**Exercise:** Only the lines from the one containing "fcalc (fun x => ((expR (s * x))%:C)%C) A." through the one containing "(A : 'M[R[i]]_n) : R" should be printed, exactly as they appear below, with both ends included.

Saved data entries
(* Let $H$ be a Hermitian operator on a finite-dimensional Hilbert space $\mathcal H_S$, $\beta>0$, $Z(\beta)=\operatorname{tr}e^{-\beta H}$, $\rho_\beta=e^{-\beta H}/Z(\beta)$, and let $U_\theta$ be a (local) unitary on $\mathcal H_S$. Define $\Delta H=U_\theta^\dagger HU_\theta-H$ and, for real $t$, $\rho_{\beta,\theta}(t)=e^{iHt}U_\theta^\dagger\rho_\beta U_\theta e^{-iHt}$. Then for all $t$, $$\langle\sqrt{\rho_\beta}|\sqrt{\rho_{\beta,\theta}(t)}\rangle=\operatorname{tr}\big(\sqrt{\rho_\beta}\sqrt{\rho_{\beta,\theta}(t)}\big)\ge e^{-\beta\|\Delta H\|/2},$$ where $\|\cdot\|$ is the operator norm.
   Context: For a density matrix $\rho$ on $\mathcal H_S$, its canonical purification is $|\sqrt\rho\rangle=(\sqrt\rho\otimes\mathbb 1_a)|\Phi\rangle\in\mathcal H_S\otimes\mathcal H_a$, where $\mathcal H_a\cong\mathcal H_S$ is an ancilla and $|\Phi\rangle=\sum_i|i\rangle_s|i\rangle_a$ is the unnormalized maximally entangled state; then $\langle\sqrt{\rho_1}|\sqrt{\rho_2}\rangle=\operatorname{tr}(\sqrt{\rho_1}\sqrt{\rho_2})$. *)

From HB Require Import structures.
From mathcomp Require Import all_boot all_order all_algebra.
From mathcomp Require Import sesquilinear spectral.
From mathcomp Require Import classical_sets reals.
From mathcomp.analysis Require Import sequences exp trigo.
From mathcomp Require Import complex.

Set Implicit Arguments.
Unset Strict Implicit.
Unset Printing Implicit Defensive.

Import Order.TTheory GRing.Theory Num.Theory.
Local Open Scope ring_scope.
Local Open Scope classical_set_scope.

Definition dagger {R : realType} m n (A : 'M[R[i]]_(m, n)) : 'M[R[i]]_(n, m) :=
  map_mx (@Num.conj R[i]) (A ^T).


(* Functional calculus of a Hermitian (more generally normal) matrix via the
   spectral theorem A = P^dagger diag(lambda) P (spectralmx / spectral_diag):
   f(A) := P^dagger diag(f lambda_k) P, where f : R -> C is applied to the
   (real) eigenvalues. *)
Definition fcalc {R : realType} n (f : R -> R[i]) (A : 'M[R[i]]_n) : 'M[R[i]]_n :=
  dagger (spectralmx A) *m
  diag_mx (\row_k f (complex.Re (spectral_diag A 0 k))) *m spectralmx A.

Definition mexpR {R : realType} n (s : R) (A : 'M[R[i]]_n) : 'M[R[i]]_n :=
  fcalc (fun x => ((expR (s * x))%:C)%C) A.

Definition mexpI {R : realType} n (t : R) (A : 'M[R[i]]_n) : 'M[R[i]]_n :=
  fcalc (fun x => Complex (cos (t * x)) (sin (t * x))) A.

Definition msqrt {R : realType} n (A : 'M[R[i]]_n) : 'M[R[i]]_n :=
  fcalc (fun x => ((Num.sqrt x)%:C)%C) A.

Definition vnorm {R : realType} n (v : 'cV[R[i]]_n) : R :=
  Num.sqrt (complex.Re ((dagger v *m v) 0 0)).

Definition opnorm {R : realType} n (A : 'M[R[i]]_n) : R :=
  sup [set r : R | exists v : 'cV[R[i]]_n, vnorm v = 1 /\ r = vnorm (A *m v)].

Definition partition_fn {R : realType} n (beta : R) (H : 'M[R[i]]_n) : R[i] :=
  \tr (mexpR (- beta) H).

**Problem solution:**
  fcalc (fun x => ((expR (s * x))%:C)%C) A.

Definition mexpI {R : realType} n (t : R) (A : 'M[R[i]]_n) : 'M[R[i]]_n :=
  fcalc (fun x => Complex (cos (t * x)) (sin (t * x))) A.

Definition msqrt {R : realType} n (A : 'M[R[i]]_n) : 'M[R[i]]_n :=
  fcalc (fun x => ((Num.sqrt x)%:C)%C) A.

Definition vnorm {R : realType} n (v : 'cV[R[i]]_n) : R :=
  Num.sqrt (complex.Re ((dagger v *m v) 0 0)).

Definition opnorm {R : realType} n (A : 'M[R[i]]_n) : R :=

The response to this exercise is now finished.